[Start of section]
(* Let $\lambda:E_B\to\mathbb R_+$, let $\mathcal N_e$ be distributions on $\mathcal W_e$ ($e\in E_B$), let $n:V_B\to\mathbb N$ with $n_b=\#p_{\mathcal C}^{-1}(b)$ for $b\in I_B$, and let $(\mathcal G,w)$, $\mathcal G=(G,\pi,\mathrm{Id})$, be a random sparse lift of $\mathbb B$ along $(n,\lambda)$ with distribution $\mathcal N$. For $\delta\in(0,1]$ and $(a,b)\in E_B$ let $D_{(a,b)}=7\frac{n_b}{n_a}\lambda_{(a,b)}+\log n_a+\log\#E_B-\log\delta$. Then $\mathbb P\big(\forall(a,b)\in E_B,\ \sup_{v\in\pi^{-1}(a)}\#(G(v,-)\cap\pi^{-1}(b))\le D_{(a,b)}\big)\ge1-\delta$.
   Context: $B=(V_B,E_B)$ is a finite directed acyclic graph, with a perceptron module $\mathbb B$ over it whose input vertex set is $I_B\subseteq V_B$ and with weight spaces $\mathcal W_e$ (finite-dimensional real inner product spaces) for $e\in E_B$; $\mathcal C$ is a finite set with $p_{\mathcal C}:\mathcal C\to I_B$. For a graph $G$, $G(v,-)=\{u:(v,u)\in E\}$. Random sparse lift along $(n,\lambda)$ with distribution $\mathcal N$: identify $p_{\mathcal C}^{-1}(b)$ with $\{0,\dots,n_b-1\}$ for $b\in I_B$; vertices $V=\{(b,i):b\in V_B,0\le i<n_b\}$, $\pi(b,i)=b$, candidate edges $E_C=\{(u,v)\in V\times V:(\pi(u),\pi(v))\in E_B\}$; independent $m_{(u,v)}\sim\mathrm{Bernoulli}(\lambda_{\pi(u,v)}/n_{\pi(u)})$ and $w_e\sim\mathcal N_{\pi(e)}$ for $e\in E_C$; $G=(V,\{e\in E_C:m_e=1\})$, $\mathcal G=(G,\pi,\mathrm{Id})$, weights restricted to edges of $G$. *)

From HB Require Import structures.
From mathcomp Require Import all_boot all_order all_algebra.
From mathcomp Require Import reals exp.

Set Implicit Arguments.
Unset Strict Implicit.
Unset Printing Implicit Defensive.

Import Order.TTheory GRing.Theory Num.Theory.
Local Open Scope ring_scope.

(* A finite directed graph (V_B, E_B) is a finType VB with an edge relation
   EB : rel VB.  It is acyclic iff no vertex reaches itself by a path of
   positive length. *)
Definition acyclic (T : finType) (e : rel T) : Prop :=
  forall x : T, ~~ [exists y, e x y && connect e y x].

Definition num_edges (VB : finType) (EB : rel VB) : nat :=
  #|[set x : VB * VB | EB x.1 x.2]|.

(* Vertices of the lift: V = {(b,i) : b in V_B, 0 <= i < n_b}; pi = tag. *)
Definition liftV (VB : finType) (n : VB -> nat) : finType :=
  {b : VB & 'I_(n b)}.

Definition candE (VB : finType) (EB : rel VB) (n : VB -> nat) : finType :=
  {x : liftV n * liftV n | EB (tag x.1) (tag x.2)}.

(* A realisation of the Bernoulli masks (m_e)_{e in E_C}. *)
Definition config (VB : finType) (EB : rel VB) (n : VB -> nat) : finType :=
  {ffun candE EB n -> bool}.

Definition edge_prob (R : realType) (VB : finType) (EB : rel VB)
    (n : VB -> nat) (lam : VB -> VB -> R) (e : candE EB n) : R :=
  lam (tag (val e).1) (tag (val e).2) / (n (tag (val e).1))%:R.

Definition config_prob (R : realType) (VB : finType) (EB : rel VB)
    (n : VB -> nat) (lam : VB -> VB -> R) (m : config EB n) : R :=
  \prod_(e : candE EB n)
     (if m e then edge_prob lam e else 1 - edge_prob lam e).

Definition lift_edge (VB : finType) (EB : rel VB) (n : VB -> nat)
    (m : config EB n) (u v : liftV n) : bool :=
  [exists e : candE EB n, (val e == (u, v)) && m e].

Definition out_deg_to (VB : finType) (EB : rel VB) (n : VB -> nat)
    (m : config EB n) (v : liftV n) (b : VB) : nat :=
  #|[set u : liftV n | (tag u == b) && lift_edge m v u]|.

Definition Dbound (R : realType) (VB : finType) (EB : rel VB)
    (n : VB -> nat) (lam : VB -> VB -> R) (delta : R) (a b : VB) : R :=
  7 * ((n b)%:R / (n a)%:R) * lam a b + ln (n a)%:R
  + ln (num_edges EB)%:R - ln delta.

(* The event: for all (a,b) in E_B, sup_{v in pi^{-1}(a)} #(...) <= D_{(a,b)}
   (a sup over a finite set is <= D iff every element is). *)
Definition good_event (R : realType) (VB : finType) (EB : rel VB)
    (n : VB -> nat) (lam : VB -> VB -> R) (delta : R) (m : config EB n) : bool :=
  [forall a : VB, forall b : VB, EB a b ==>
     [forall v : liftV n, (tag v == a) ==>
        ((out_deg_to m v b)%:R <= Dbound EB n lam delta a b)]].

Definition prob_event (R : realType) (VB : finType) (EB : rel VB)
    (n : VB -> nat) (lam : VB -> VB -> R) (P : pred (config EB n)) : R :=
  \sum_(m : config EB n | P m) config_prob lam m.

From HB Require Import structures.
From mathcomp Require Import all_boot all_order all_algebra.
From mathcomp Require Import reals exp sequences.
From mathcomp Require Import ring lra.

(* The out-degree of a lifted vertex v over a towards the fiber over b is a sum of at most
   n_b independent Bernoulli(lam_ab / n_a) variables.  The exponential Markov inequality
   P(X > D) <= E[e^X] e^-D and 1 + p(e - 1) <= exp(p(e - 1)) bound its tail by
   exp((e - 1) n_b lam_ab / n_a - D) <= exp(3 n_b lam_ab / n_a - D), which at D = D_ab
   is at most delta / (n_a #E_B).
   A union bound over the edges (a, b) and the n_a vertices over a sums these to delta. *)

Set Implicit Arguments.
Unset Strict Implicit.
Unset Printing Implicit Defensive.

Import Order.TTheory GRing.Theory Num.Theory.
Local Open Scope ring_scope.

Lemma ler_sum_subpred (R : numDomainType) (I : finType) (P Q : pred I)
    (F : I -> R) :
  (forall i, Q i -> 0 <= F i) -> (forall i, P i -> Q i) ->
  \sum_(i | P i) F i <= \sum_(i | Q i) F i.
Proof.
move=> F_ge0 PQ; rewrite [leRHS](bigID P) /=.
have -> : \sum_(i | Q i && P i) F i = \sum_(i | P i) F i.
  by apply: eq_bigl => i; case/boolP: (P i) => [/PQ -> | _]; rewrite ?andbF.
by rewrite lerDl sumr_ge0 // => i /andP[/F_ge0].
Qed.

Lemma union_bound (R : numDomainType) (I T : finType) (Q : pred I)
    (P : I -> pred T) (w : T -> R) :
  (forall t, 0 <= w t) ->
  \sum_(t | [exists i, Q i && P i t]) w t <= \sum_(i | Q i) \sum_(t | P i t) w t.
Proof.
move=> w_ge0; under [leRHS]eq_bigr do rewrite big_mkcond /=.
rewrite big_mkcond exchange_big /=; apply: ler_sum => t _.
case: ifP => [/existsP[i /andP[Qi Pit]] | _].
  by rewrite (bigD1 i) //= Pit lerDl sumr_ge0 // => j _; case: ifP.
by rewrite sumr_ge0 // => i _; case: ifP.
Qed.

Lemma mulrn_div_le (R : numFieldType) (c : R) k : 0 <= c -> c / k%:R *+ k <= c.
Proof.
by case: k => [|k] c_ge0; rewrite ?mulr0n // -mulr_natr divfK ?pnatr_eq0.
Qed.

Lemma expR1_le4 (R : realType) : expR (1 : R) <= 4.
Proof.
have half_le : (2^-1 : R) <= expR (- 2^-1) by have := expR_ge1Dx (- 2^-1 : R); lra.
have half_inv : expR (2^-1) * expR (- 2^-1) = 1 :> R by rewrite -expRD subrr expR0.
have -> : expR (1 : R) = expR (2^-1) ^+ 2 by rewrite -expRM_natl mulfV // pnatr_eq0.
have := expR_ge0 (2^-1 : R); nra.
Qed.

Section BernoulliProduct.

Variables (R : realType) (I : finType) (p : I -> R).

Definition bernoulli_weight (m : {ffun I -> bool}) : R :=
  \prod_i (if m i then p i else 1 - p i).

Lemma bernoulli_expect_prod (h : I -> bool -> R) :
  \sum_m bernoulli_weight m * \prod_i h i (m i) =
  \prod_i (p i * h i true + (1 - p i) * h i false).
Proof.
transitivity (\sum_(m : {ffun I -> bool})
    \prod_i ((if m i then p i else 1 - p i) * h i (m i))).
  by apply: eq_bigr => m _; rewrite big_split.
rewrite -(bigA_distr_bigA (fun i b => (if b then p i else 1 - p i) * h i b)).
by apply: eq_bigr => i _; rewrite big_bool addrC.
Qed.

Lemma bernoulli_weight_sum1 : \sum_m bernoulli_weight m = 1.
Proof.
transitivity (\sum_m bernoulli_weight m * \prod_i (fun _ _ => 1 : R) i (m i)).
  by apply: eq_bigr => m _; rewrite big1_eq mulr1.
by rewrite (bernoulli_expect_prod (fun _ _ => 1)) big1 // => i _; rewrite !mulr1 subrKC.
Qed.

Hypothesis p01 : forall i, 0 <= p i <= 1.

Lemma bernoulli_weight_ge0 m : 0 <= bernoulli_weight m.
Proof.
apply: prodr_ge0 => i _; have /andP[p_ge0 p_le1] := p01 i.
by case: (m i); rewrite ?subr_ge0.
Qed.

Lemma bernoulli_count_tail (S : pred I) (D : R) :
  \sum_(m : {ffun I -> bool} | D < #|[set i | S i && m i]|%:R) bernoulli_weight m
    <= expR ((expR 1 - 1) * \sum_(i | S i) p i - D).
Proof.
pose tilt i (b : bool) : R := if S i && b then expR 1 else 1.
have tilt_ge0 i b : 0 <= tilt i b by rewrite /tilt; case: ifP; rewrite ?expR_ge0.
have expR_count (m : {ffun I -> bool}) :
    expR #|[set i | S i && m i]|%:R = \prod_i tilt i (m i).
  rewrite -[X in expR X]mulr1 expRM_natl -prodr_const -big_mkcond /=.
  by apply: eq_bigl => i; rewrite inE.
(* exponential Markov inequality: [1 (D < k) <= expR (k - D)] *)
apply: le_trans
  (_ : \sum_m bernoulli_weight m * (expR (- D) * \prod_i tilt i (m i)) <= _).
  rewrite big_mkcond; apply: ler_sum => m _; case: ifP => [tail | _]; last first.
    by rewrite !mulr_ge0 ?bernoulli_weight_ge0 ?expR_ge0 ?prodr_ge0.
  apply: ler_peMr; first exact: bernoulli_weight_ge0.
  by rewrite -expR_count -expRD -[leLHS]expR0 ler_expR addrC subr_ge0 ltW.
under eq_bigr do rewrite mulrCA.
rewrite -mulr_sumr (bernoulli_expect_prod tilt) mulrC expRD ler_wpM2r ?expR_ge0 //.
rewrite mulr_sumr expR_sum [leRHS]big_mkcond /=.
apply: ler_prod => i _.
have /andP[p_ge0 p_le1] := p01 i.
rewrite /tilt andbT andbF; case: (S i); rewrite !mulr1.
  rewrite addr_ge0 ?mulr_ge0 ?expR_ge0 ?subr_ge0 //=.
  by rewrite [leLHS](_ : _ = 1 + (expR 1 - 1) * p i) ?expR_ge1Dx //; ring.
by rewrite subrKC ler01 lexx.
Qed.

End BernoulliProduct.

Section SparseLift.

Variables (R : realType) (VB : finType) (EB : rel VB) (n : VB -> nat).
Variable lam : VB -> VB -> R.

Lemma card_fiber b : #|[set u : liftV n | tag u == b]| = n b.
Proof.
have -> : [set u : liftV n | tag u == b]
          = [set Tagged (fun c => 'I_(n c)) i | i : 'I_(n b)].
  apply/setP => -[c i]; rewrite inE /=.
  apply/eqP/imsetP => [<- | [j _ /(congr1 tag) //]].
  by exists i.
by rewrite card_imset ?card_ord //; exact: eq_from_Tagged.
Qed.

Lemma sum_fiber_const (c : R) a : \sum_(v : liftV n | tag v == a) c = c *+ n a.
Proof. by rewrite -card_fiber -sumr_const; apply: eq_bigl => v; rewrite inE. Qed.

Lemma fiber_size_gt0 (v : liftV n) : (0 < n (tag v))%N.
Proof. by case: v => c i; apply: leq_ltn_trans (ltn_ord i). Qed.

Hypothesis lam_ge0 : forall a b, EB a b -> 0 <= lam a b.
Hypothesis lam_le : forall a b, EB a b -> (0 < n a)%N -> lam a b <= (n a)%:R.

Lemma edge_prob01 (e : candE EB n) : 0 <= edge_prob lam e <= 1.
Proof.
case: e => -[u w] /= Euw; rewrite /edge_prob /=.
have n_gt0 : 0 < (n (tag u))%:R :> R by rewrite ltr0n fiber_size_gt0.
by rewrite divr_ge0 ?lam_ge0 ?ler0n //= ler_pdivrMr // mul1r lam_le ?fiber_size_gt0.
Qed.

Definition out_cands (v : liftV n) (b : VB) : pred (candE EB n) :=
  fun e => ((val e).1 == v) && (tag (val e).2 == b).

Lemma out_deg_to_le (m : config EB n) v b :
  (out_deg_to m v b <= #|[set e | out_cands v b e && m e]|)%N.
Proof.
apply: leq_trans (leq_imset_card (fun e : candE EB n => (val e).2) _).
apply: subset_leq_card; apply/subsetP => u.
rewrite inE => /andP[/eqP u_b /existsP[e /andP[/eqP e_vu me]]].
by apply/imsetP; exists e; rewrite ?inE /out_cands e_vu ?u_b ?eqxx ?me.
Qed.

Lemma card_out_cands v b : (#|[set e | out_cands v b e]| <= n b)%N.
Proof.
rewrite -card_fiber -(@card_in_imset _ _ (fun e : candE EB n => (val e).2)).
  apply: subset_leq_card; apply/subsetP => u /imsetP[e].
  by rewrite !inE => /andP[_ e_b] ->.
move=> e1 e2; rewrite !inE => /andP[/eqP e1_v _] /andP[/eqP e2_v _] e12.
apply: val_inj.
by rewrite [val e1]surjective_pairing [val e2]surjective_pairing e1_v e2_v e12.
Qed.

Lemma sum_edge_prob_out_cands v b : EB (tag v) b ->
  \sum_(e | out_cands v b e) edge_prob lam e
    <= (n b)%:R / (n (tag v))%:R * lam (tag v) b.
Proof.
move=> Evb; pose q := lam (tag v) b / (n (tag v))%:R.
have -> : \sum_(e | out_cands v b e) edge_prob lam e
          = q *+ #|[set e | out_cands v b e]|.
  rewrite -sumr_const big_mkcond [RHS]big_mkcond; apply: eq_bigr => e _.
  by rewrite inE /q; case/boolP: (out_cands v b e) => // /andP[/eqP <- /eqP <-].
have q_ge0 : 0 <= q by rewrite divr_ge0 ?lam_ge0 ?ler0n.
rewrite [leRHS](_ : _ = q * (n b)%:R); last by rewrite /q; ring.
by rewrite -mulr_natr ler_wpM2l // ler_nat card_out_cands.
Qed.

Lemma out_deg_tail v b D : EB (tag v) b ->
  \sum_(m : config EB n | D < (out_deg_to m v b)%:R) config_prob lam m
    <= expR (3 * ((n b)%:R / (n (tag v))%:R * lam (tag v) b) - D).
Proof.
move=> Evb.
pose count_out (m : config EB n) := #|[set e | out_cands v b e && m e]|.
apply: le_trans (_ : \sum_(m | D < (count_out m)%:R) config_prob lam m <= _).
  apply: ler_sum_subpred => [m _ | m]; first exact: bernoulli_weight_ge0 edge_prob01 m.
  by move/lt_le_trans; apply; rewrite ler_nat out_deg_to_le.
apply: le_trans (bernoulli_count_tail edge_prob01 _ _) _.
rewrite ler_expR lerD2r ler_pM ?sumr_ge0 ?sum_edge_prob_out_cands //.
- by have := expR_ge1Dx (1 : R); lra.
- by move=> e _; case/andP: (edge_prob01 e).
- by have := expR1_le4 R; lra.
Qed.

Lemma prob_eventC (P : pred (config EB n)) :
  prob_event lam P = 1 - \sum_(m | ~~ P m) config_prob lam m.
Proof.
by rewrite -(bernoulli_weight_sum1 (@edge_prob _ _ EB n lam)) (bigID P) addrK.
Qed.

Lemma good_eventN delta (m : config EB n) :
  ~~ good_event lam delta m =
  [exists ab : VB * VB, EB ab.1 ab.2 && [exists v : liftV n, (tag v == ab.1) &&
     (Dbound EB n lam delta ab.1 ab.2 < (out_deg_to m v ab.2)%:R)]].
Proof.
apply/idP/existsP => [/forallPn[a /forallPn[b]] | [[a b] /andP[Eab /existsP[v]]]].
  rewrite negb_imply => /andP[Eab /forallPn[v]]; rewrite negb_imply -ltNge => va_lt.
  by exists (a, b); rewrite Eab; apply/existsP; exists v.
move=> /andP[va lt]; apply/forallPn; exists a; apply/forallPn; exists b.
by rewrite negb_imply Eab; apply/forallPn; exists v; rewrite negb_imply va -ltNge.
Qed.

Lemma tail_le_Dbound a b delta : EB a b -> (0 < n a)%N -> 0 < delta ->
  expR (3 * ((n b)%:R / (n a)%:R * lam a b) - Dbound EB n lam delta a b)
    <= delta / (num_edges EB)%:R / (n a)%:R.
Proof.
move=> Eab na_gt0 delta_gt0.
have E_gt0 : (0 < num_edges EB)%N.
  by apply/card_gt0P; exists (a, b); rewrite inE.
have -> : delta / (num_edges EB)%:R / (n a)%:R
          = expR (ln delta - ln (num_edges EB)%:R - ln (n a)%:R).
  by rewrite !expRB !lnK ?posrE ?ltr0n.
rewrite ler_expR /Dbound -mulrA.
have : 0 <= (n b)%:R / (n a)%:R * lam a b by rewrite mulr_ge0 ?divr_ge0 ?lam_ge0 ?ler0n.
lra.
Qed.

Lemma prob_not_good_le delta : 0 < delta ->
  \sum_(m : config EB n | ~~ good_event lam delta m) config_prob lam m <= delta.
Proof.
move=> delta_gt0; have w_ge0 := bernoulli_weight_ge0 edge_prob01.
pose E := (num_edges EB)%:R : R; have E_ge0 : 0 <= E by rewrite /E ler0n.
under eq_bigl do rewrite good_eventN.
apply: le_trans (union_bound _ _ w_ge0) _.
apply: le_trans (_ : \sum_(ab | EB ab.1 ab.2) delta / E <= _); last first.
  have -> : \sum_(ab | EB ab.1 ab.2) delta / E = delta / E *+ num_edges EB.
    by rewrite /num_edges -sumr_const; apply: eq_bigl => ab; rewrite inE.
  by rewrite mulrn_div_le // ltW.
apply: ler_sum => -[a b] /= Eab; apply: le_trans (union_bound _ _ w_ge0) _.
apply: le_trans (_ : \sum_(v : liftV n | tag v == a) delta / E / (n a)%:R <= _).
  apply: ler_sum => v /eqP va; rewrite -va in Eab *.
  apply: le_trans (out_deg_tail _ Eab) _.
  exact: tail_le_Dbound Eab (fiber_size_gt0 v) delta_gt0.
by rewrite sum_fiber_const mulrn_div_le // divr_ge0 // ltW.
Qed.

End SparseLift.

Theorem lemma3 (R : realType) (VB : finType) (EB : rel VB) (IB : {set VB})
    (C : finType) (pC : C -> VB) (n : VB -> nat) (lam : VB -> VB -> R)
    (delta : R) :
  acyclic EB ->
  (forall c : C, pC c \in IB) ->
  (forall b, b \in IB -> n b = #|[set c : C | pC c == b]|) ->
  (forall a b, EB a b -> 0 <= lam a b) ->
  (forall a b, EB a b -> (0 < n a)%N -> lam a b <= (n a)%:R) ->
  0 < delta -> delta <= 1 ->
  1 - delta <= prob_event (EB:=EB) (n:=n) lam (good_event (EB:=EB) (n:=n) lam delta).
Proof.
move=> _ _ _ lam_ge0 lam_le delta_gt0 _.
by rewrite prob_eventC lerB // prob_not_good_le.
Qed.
[End of section]
_WHAT YOU SHOULD DO:_ For this task, copy every line of the material in which "imsetP" appears.

_ANSWER FOR THIS EXERCISE:_
  apply/eqP/imsetP => [<- | [j _ /(congr1 tag) //]].
by apply/imsetP; exists e; rewrite ?inE /out_cands e_vu ?u_b ?eqxx ?me.
  apply: subset_leq_card; apply/subsetP => u /imsetP[e].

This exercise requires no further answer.